Distilled Water: Limited but Functional
Distilled water can thin a vape liquid and technically produce an inhalable mist, but it doesn’t carry flavor or nicotine well on its own. In DIY mixing communities, water is used as a diluent at roughly 5 to 20% of the total recipe. Experienced mixers report that going above 25% water noticeably reduces vapor production and mutes flavors.
For an unflavored liquid, some mixers report that 20% distilled water works acceptably, but this still assumes the remaining 80% is VG or another glycol. A 100% water-based vape juice won’t vaporize properly in a standard coil-and-wick device because water’s boiling point and surface tension behave differently than glycols. It tends to spit, gurgle, and flood the coil rather than producing a smooth aerosol. Ultrasonic atomization devices, which use vibration instead of heat to create a mist, can handle water-based liquids more effectively, but these are niche products with very limited availability.

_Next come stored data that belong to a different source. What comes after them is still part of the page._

Lemma coef_ext_poly (ms : seq word) u : size (flatten ms) = size u ->
  (size (flatten (filter (predC1 y1) ms)) < central_len u)%N ->
  exists p : {poly F}, forall s,
    Coef F (ext s u) (Psym (ms ++ nseq s y1)) = p.[s%:R] * s`!%:R.
Proof.
set ms0 := filter _ ms; set c := count (pred1 y1) ms; set L := central_len u.
set g := take (central_pos u) u; set h := drop (central_pos u + L) u.
move=> size_ms long_run.
have size_u : size u = (size g + L + size h)%N.
  have := congr1 size (ext_central 0 u); rewrite /ext /= cat_take_drop => ->.
  by rewrite !size_cat size_nseq addnA.
have size_ms0 : size (flatten ms) = (size (flatten (ms0 : seq word)) + c)%N.
  rewrite (perm_size (perm_flatten (perm_filter_y1 ms))).
  by rewrite flatten_cat size_cat size_flatten_y1.
have [P redP] := redcoef_eventually_poly h ms0 g.
exists ((\prod_(i < c) ('X + i.+1%:R%:P)) * (P \Po ('X + L%:R%:P))) => s.
have fill_s : nfill ms0 g h (s + L) = (c + s)%N by rewrite /nfill; lia.
rewrite /Coef count_Psym (nfactor_perm _ (perm_cat (perm_filter_y1 ms) (perm_refl _))).
rewrite -catA -nseqD ext_central -/ms0 -/c -/L -/g -/h -fill_s redcoefE fill_s.
rewrite redP; last exact: leq_trans long_run (leq_addl _ _).
rewrite addnC fact_addn natrM natr_prod hornerM horner_prod horner_comp.
rewrite hornerD hornerX hornerC -natrD.
under [X in _ = X * _ * _]eq_bigr => i _ do rewrite hornerD hornerX hornerC -natrD addnS.
by rewrite [RHS]mulrC mulrA.
Qed.

End ReducedCoefficient.

(** * The central part is long *)

Lemma size_le_runlen u r : (forall i, runlen u i <= r)%N ->
  (size u <= runlen u 0 + count (predC1 1%N) u * r.+1)%N.
Proof.
elim: u => //= a u IHu run_r.
have {}IHu := IHu (fun i => run_r i.+1).
have -> : runlen (a :: u) 0 = if a == 1%N then (runlen u 0).+1 else 0%N.
  by rewrite /runlen /= drop0; case: eqP.
case: eqP => [_|a1] /=; first by rewrite add0n addSn ltnS.
by rewrite add0n mulSn ltnS (leq_trans IHu) // leq_add2r (run_r 1).
Qed.

Lemma size_le_central_len u :
  (size u <= central_len u + count (predC1 1%N) u * (central_len u).+1)%N.
Proof.
apply: leq_trans (size_le_runlen (runlen_le_central_len u)) _.
by rewrite leq_add2r runlen_le_central_len.
Qed.

Lemma size_flatten_filter_y1 (ms : seq word) : all (fun x => x != [::]) ms ->
  (size (flatten (filter (predC1 y1) ms)) + 2 * size ms
   <= 2 * size (flatten ms) + count (predC1 1%N) (flatten ms))%N.
Proof.
elim: ms => //= x ms IHms /andP[x_nil /IHms {}IHms].
rewrite size_cat count_cat; case: eqP => [->|x_y1] /=; first lia.
have : (size x + 2 <= 2 * size x + count (predC1 1%N) x)%N.
  case: x x_nil x_y1 => [|a [|b x]] //= _ x_y1; last lia.
  by case: eqP x_y1 => [->|].
rewrite size_cat => x_bound; set cx := count _ x in x_bound *; lia.
Qed.

Lemma count_row_of_neq1 nu T : is_std_tableau nu T ->
  (count (fun j => row_of T j != 1%N) (iota 1 (sumn nu)) <= sumn nu - head 0%N nu)%N.
Proof.
case=> <- perm_T _ _; case: T perm_T => [|r0 T] //= perm_T.
rewrite (eq_count (a2 := predC (mem r0))) => [|j]; last first.
  by rewrite /row_of /=; case: (j \in r0).
have in_r0 : (size r0 <= count (mem r0) (iota 1 (size r0 + sumn (map size T))))%N.
  rewrite -(seq.permP perm_T) count_cat (leq_trans _ (leq_addr _ _)) //.
  by rewrite (@eq_in_count _ _ predT) ?count_predT // => j ->.
have := count_predC (mem r0) (iota 1 (size r0 + sumn (map size T))).
rewrite size_iota; lia.
Qed.

Lemma sumn_shape_add s nu : sumn (shape_add s nu) = (s + sumn nu)%N.
Proof. by case: nu => [|a nu] /=; lia. Qed.

Lemma head_shape_add s nu : (s <= head 0%N (shape_add s nu))%N.
Proof. by case: nu => [|a nu] //=; apply: leq_addl. Qed.

Lemma count_neq1_row_word nu T O u : is_std_tableau nu T ->
  perm_eq (flatten O) (iota 1 (sumn nu)) -> perm_eq u (flatten (mons T O)) ->
  (count (predC1 1%N) u <= sumn nu - head 0%N nu)%N.
Proof.
move=> tab_T perm_O u_TO.
rewrite (seq.permP u_TO) /mons /SubT -map_flatten count_map (seq.permP perm_O).
exact: count_row_of_neq1.
Qed.

Lemma long_central_run (ms : seq word) u K :
  all (fun x => x != [::]) ms -> perm_eq u (flatten ms) -> size u = (size ms + K)%N ->
  (count (predC1 1%N) u <= 4 * K)%N -> (3 * K + (4 * K).+1 * (6 * K).+1 <= size ms)%N ->
  (size (flatten (filter (predC1 y1) ms)) < central_len u)%N.
Proof.
(* Otherwise u would have at most 6K + 4K (6K + 1) letters. *)
move=> nonempty_ms u_ms size_u non1_u large_ms.
have filter_bound := size_flatten_filter_y1 nonempty_ms.
rewrite -(perm_size u_ms) size_u -(seq.permP u_ms) in filter_bound.
have size_bound := size_le_central_len u; rewrite size_u in size_bound.
set C := central_len u in size_bound *.
set cu := count _ u in non1_u filter_bound size_bound.
rewrite ltnNge; apply/negP => short.
have : (cu * C.+1 <= 4 * K * (6 * K).+1)%N by rewrite leq_mul // ltnS; lia.
nia.
Qed.

Local Open Scope ring_scope.

Theorem lemma4p23 (F : fieldType) (charF0 : [pchar F] =i pred0)
  (K : nat) (mu : seq nat) (mu_part : is_partition mu)
  (mu_size : sumn mu = (4 * K)%N) :
  exists MK : nat, (3 * K <= MK)%N /\
    forall n : nat, (MK <= n)%N ->
    forall T : seq (seq nat), is_std_tableau (shape_add (n - 3 * K) mu) T ->
    forall O : seq (seq nat), ordered_partition n (n + K) O ->
    forall u : word, Coef F u (Psym (mons T O)) != 0 ->
    exists p : {poly F}, forall s : nat,
      Coef F (ext s u) (Psym (mons T O ++ nseq s [:: 1%N]))
        = p.[s%:R] * (s`!)%:R.
Proof.
exists (3 * K + (4 * K).+1 * (6 * K).+1)%N; split; first exact: leq_addr.
move=> n le_n T tab_T O [size_O nonempty_O perm_O] u coef_u.
have u_TO : perm_eq u (flatten (mons T O)).
  apply/mem_Psym; rewrite -has_pred1 has_count lt0n.
  by apply: contraNneq coef_u; rewrite /Coef => ->.
have size_u : size u = (n + K)%N.
  by rewrite (perm_size u_TO) /mons /SubT -map_flatten size_map (perm_size perm_O) size_iota.
have non1_u : (count (predC1 1%N) u <= 4 * K)%N.
  have sum_shape : sumn (shape_add (n - 3 * K) mu) = (n + K)%N.
    by rewrite sumn_shape_add mu_size; lia.
  rewrite -sum_shape in perm_O.
  rewrite (leq_trans (count_neq1_row_word tab_T perm_O u_TO)) //.
  have := head_shape_add (n - 3 * K) mu; lia.
apply: (coef_ext_poly charF0); first by rewrite (perm_size u_TO).
apply: long_central_run u_TO _ non1_u _; rewrite ?size_map ?size_O //.
by rewrite all_map; apply: sub_all nonempty_O => A; rewrite /= /SubT; case: A.
Qed.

What to Avoid: Oils and Lipid-Based Carriers
This is the most important safety point in the entire article. Do not use any oil-based substance as a vape juice carrier. This includes MCT oil (fractionated coconut oil), vitamin E acetate, vegetable oils, and essential oils. While some of these are safe to swallow, inhaling heated oil droplets can cause lipoid pneumonia, a serious lung condition where fat deposits accumulate in the air sacs of your lungs and trigger a chronic inflammatory reaction.
Lipoid pneumonia was central to the 2019 EVALI outbreak that hospitalized thousands of people in the United States. Medical case studies confirmed lipid deposits in lung tissue from affected patients. Vitamin E acetate used as a diluent in black-market cannabis cartridges was identified as a primary culprit, but the underlying mechanism applies to any inhaled lipid. The FDA’s “generally recognized as safe” designation for food additives does not extend to inhalation. A substance that passes safely through your digestive system can cause severe damage when it reaches your lungs as a heated aerosol.
Putting a Recipe Together
If your goal is a completely PG-free and VG-free vape juice, your most practical path is a PDO-based recipe. Here’s a basic framework:
- Base: 80 to 90% food-grade 1,3-propanediol
- Nicotine: Nicotine dissolved in PDO or PGA, dosed to your target strength (if using nicotine at all)

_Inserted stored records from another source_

(* Let $\tau=[0;\overline{b_1,b_2,\dots,b_s}]$ be a quadratic power series whose shortest periodic part is $b_1,\dots,b_s$. Let $f=[a_0;a_1,a_2,\dots]\in\widehat K\setminus(K\cup\Theta_\tau)$. For a positive integer $r$ with $a_r\ne b_s$, set $\alpha_r=[a_0;a_1,\dots,a_r,\overline{b_1,\dots,b_{s-1},b_s}]$, and write $\rho_r=\frac{|f-\alpha_r|}{|\alpha_r-\alpha_r^\sigma|}$. (i) If $a_{r+1}\ne b_1$, then $-\log_q\rho_r=\deg a_r+\deg b_s-\deg(a_r-b_s)+\deg a_{r+1}+\deg b_1-\deg(a_{r+1}-b_1).$ (ii) If $a_{r+1}=b_1$, let $t$ be the largest integer such that the word $a_{r+1}\cdots a_{r+t}$ coincides with the prefix of length $t$ of the infinite word $(b_1\cdots b_s)^\infty$; let $s_0\in\{1,\dots,s\}$ be such that $a_{r+t}=b_{s_0}$ is the $t$-th letter of this infinite word (i.e. $s_0\equiv t \bmod s$), and put $s'=s_0+1$ if $s_0<s$ and $s'=1$ otherwise. Then $-\log_q\rho_r=2\sum_{j=1}^t\deg a_{r+j}+\deg a_r+\deg b_s-\deg(a_r-b_s)+\deg a_{r+t+1}+\deg b_{s'}-\deg(a_{r+t+1}-b_{s'}).$ In particular, in both cases $\rho_r\le q^{-2}$. Furthermore, putting $t=0$ and $s'=1$ when $a_{r+1}\ne b_1$: if $\deg a_r\ne\deg b_s$ and $\deg a_{r+t+1}\ne\deg b_{s'}$, then $-\log_q\rho_r=2\sum_{j=1}^t\deg a_{r+j}+\min\{\deg a_r,\deg b_s\}+\min\{\deg a_{r+t+1},\deg b_{s'}\}.$
   Context: $q$ is a positive power of a prime, $R=\mathbb F_q[Y]$, $K=\mathbb F_q(Y)$, $\widehat K=\mathbb F_q((Y^{-1}))$ with absolute value $|P/Q|=q^{\deg P-\deg Q}$ extended to $\widehat K$ (the paper writes $\mathrm v(x)=-\log x/\log q$ for the corresponding valuation). $[a_0;a_1,a_2,\dots]$ denotes the continued fraction $a_0+1/(a_1+1/(a_2+\cdots))$ with $a_0\in R$ and $a_i$ ($i\ge1$) nonconstant polynomials; an overline indicates a block repeated infinitely often. For a quadratic power series $\gamma$, $\gamma^\sigma$ is its Galois conjugate over $K$, and $\Theta_\gamma=\mathrm{PGL}_2(R)\cdot\{\gamma,\gamma^\sigma\}$ under the action by homographies on $\widehat K\cup\{\infty\}$. *)

(* The completion  Khat = F_q((Y^-1))  is built concretely as
   the type of coefficient functions  int -> F  (x n = coefficient of Y^n),
   elements of Khat being those with support bounded above. *)
From mathcomp Require Import all_boot all_order all_algebra.
From Stdlib Require Import ClassicalEpsilon.
Set Implicit Arguments.
Unset Strict Implicit.
Unset Printing Implicit Defensive.
Import Order.TTheory GRing.Theory Num.Theory.
Local Open Scope ring_scope.

Section LaurentSeries.
Variable F : fieldType.

Definition LS := int -> F.

Definition ls_bounded (x : LS) : Prop := exists N : int, forall n : int, N < n -> x n = 0.

Definition ls_top (x : LS) : int :=
  epsilon (inhabits 0) (fun N : int => forall n : int, N < n -> x n = 0).

(* degree of a nonzero element: |x| = q ^ ls_deg x, i.e. v(x) = - ls_deg x *)
Definition ls_deg (x : LS) : int :=
  epsilon (inhabits 0) (fun d : int => x d != 0 /\ forall m : int, d < m -> x m = 0).

Definition ls_zero : LS := fun _ => 0.
Definition ls_add (x y : LS) : LS := fun n => x n + y n.
Definition ls_opp (x : LS) : LS := fun n => - x n.
Definition ls_sub (x y : LS) : LS := fun n => x n - y n.

(* Cauchy product: all nonzero terms x i * y j, i + j = n, have
   n - top y <= i <= top x *)
Definition ls_mul (x y : LS) : LS := fun n =>
  \sum_(k < `|(ls_top x + ls_top y - n)%R|%N.+1)
     x (ls_top x - k%:Z) * y (n - ls_top x + k%:Z).

Definition ls_poly (p : {poly F}) : LS := fun n => if 0 <= n then p`_`|n|%N else 0.

(* coefficients w_0, ..., w_k of the inverse of the unit power series
   sum_k u k T^k *)
Fixpoint inv_coefs (u : nat -> F) (k : nat) : seq F :=
  match k with
  | 0 => [:: (u 0%N)^-1]
  | k'.+1 => let s := inv_coefs u k' in
             rcons s (- (u 0%N)^-1 * \sum_(i < k'.+1) u i.+1 * nth 0 s (k' - i))
  end.

(* multiplicative inverse (ls_inv 0 = 0) *)
Definition ls_inv (x : LS) : LS :=
  let d := ls_deg x in
  let u := fun k : nat => x (d - k%:Z) in
  fun n => if n <= - d then nth 0 (inv_coefs u `|(- d - n)%R|%N) `|(- d - n)%R|%N else 0.

Definition ls_in_K (x : LS) : Prop :=
  exists P Q : {poly F}, Q != 0 /\ ls_mul x (ls_poly Q) = ls_poly P.

Fixpoint cf_fin (l : seq {poly F}) : LS :=
  match l with
  | [::] => ls_zero
  | a :: l' => if l' is [::] then ls_poly a else ls_add (ls_poly a) (ls_inv (cf_fin l'))
  end.

Definition cf_conv (c : nat -> {poly F}) (n : nat) : LS := cf_fin (mkseq c n.+1).

Definition is_cf (c : nat -> {poly F}) (x : LS) : Prop :=
  (forall i : nat, (0 < i)%N -> (1 < size (c i))%N) /\
  forall M : int, exists N : nat, forall n : nat, (N <= n)%N ->
    forall m : int, M <= m -> ls_sub x (cf_conv c n) m = 0.

Definition galois_conj (alpha beta : LS) : Prop :=
  ls_bounded beta /\ ~ ls_in_K alpha /\
  exists A B C : {poly F}, A != 0 /\
    ls_add (ls_add (ls_mul (ls_poly A) (ls_mul alpha alpha)) (ls_mul (ls_poly B) alpha))
           (ls_poly C) = ls_zero /\
    ls_add (ls_mul (ls_poly A) (ls_add alpha beta)) (ls_poly B) = ls_zero.

(* x = (A g + B) / (C g + D) with [A B; C D] in GL_2(R), the image not being oo *)
Definition homography_image (A B C D : {poly F}) (g x : LS) : Prop :=
  size (A * D - B * C) = 1%N /\
  ls_add (ls_mul (ls_poly C) g) (ls_poly D) <> ls_zero /\
  x = ls_mul (ls_add (ls_mul (ls_poly A) g) (ls_poly B))
             (ls_inv (ls_add (ls_mul (ls_poly C) g) (ls_poly D))).

Definition in_Theta (gamma x : LS) : Prop :=
  exists g : LS, (g = gamma \/ galois_conj gamma g) /\
    exists A B C D : {poly F}, homography_image A B C D g x.

Definition pdeg (p : {poly F}) : int := ((size p).-1)%:Z.

(* letters of the word b = b_1 ... b_s (b_j = nth 0 b j.-1), and the j-th
   letter (j >= 1) of the infinite word (b_1 ... b_s)^oo *)
Definition bl (b : seq {poly F}) (j : nat) : {poly F} := nth 0 b j.-1.
Definition bper (b : seq {poly F}) (j : nat) : {poly F} := nth 0 b ((j.-1) %% size b).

- Flavoring: 5 to 15% flavor concentrates (note that many commercial flavor concentrates use PG as a carrier, so check labels if you’re strictly avoiding it)
- Thinner (optional): 2 to 5% distilled water or PGA if the liquid feels too thick for your device
The flavor concentrate issue deserves extra attention. Most concentrated flavorings sold for DIY vape mixing are suspended in PG. If you’re avoiding PG entirely, look for PG-free flavor concentrates or alcohol-based food extracts. Some vendors sell flavors in VG or PDO bases instead, but the selection is smaller.
Standard steeping practices apply. Let your mixed liquid sit in a cool, dark place for a few days to a week, shaking it periodically, so the flavors blend fully into the PDO base. PDO’s flavor-carrying properties are slightly better than PG or VG, so you may find you need less flavoring than a traditional recipe calls for.